Tiger's Crucible



Donny Deutch says it's "Brilliant" and since he's pretty brilliant himself that means more than a little something. The new Nike ad with Tiger Woods can be described in a number of other ways — "Jarring," "Attention-getting," "Bold," as well as "Crass," "Manipulative" and "Unfortunate."

Five of those adjectives, even the pejoratives, are probably fine with the Mad Men crowd, who dispassionately craft immersive messages that target our passions. The more difficult the message (Cigarettes are cool, Cars you can't drive as fast as they go on TV are cool, The Jonas Brothers are cool) the bigger the challenge and, when successful, the sweeter the victory.

Woods has re-entered the real world via the unreal world that is the Masters Tournament. This makes perfect sense to me, as do all of the things that deliver us to the place where we can drop the subject.
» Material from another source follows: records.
(* Every unit vector w is almost normed by the functional of some pair in
   Pi(X): apply v(f0 (.) w) = 1 to a rank-one operator. *)
Lemma near_norming w : `|w| = 1 -> forall d, 0 < d ->
  exists z (f : X -> K), Pi z f /\ 1 - d < `|f w|.
Proof.
move=> w1 d d0; have [x0 [f0 P0]] := Pi_nonempty.
have [_ [lf0 [nf0 _]]] := P0.
have [lT nT] := rank_one_op lf0 nf0 w1.
case: (numrad_of_norm_one lT nT) => _ /(_ d d0) [_ [z [f [P ->]]] lt].
exists z, f; split => //; apply: lt_le_trans lt _.
case: (P) => [z1 [lf _]]; rewrite linfZ // normrM -[leRHS]mul1r ler_wpM2r //.
by apply: le_trans (Pi_bound P0 z) _; rewrite z1.
Qed.

Definition bpb_at (eps eta : K) :=
  forall T : X -> X, bounded_op T -> numrad_is T 1 ->
  forall (x : X) (f : X -> K), Pi x f -> 1 - eta < `|f (T x)| ->
  exists S : X -> X, [/\ bounded_op S, numrad_is S 1, `|f (S x)| = 1 &
    exists2 c, opnorm_is (fun z => S z - T z) c & c < eps].

Lemma rank_one_attaining eps eta : bpb_at eps eta ->
  forall z (k g : X -> K) w, Pi z k -> lin_functional g -> fnorm_is g 1 ->
  `|w| = 1 -> 1 - eta < `|g z| * `|k w| ->
  exists S : X -> X, [/\ lin_operator S, (forall u, `|S u| <= `|u|),
    `|k (S z)| = 1 & forall u, `|S u - g u *: w| <= eps * `|u|].
Proof.
move=> H z k g w P lg ng w1 lt.
have [lT nT] := rank_one_op lg ng w1.
have bT : bounded_op (fun u => g u *: w) by split => //; exists 1.
have [_ [lk _]] := P.
have := H _ bT (numrad_of_norm_one lT nT) z k P; rewrite linfZ // normrM.
move=> /(_ lt) [S [[lS bS] nS kS [c Hc ce]]].
exists S; split => //; first exact: numrad_one_contraction.
have lD : lin_operator (fun z => S z - g z *: w).
  by move=> a x y; rewrite lS (lT a x y) opprD addrACA scalerBr.
move=> u; apply: le_trans (opnorm_bound lD Hc u) _.
by rewrite ler_wpM2r // ltW.
Qed.

Hypothesis bpb : BPBpp_nu X.

Lemma Pi_dense eps : 0 < eps -> forall u0, `|u0| = 1 ->
  exists u1 (k : X -> K), Pi u1 k /\ `|u1 - u0| <= eps.
Proof.
move=> e0 u0 u01; have [eta eta0 H] := bpb e0.
have [z [f [P lt]]] := near_norming u01 eta0.
have [z1 [lf [nf fz]]] := P.
have := rank_one_attaining H P lf nf u01; rewrite fz normr1 mul1r.
move=> /(_ lt) [S [lS bS fS dS]].
have Sz1 : `|S z| = 1.
  apply/le_anti/andP; split; first by rewrite -z1 bS.
  by rewrite -fS (Pi_bound P).
have fS0 : f (S z) != 0 by rewrite -normr_eq0 fS oner_neq0.
have mu1 : `|(f (S z))^-1| = 1 by rewrite normfV fS invr1.
have [lk nk] := rotate_functional lf nf mu1.
exists (S z), (fun u => (f (S z))^-1 * f u); split.
  by split => //; split => //; split => //; rewrite mulVf.
by have := dS z; rewrite fz scale1r z1 mulr1.
Qed.

Lemma attaining_perturbation eps eta : bpb_at eps eta ->
  forall (h : X -> K) v eps1, lin_functional h -> fnorm_is h 1 ->
  0 < `|v| -> 0 < eps1 -> 1 - eta < `|h (`|v|^-1 *: v)| - eps1 ->
  exists h' : X -> K, [/\ lin_functional h', (forall u, `|h' u| <= `|u|),
    (forall u, `|h' u - h u| <= eps * `|u|) & `|v| <= `|h' v| + `|v| * eps1].
Proof.
move=> H h v eps1 lh nh v0 e10 lt.
set u0 := `|v|^-1 *: v.
have u01 : `|u0| = 1 by rewrite normrZ normfV normr_id mulVf // lt0r_neq0.
have [u1 [k [P d1]]] := Pi_dense e10 u01.
have [u11 [lk [nk ku1]]] := P.
have : 1 - eta < `|h u1| * `|k u1|.
  rewrite ku1 normr1 mulr1; apply: lt_le_trans lt _.
  rewrite -/u0 lerBlDr; have -> : u0 = u1 + (u0 - u1) by rewrite addrC subrK.
  rewrite linfD //; apply: le_trans (ler_normD _ _) _; rewrite lerD2l.
  by apply: le_trans (fnorm_bound lh nh _) _; rewrite mul1r distrC.
move/(rank_one_attaining H P lh nh u11) => [S [lS bS kS dS]].
exists (fun u => k (S u)); split.
- by move=> a x y; rewrite lS lk.
- by move=> u; apply: le_trans (Pi_bound P _) (bS u).
- move=> u; have -> : h u = k (h u *: u1) by rewrite linfZ // ku1 mulr1.
  by rewrite -linfB //; apply: le_trans (Pi_bound P _) (dS u).
have e : v = `|v| *: u0 by rewrite /u0 scalerA divff ?scale1r // lt0r_neq0.
have -> : k (S v) = `|v| * k (S u0) by rewrite {1}e linTZ // linfZ.
rewrite normrM normr_id -mulrDr -[leLHS]mulr1 ler_wpM2l //.
rewrite -kS; have -> : S u1 = S u0 + S (u1 - u0).
  by rewrite -linTD // addrC subrK.
rewrite linfD //; apply: le_trans (ler_normD _ _) _; rewrite lerD2l.
by apply: le_trans (Pi_bound P _) _; apply: le_trans (bS _) d1.
Qed.

End NumericalIndexOne.

Lemma normalized_value_bound (R : realFieldType) (t n k a1 M V H : R) :
  0 < t -> t < n / 4 -> k <= n / 8 -> a1 <= n / 8 -> 1 - k < M -> M <= 1 ->
  1 - t <= V -> V <= 1 + t -> M - t <= H -> t < 1 / 2 -> 0 <= H ->
  1 - n < V^-1 * H - a1.
Proof.
move=> t0 tn kn an kM M1 V1 V2 HM t2 H0.
have V0 : 0 < V by lra.
have : (M - 2 * t) * V <= H.
  by have [h|h] := leP 0 (M - 2 * t); nra.
move=> q; have : M - 2 * t <= V^-1 * H by rewrite [_ * H]mulrC ler_pdivlMr.
lra.
Qed.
I am not sure who the audience is for this, though, and why Team Tiger must perpetuate an unfortunate pander that the public ought to have a say in how Woods behaves.

Woods is a business with human frailties who must, for the sake of business, do damage control. It truly is not personal, it's business. But it is also unseemly. He's is trapped in a scene from "The Crucible."

Of course it's right to be faithful. Woods made that promise to his wife, and promises are more important than the law: We make them because we want to, not because we have to. But relationships are an entirely private matter. When we give strangers discretion over our own choices we are just asking for such things as bans on gay marriage.

How's the ad? Great. Fantastic. Daring. Brilliantly produced. Elegant in its spare concept. Masterful in the use of Woods' lecturing, and deceased father, speaking in an entirely different context (or several?) who knows when.

What I see is a man humiliating himself for money. The ad proves that Woods is no longer able to do whatever he wants to do, because he used to. He hurt a finite number of people, all of whom he knows personally and none of whom need to see this video on YouTube in which Woods the younger gets second billing to his stern mentor.

Woods didn't cheat on and lie to me, but because other strangers wagged their fingers at him he has to at least act contrite for public consumption.

I would prefer a John Proctor moment. Or for the entire thing to just go away.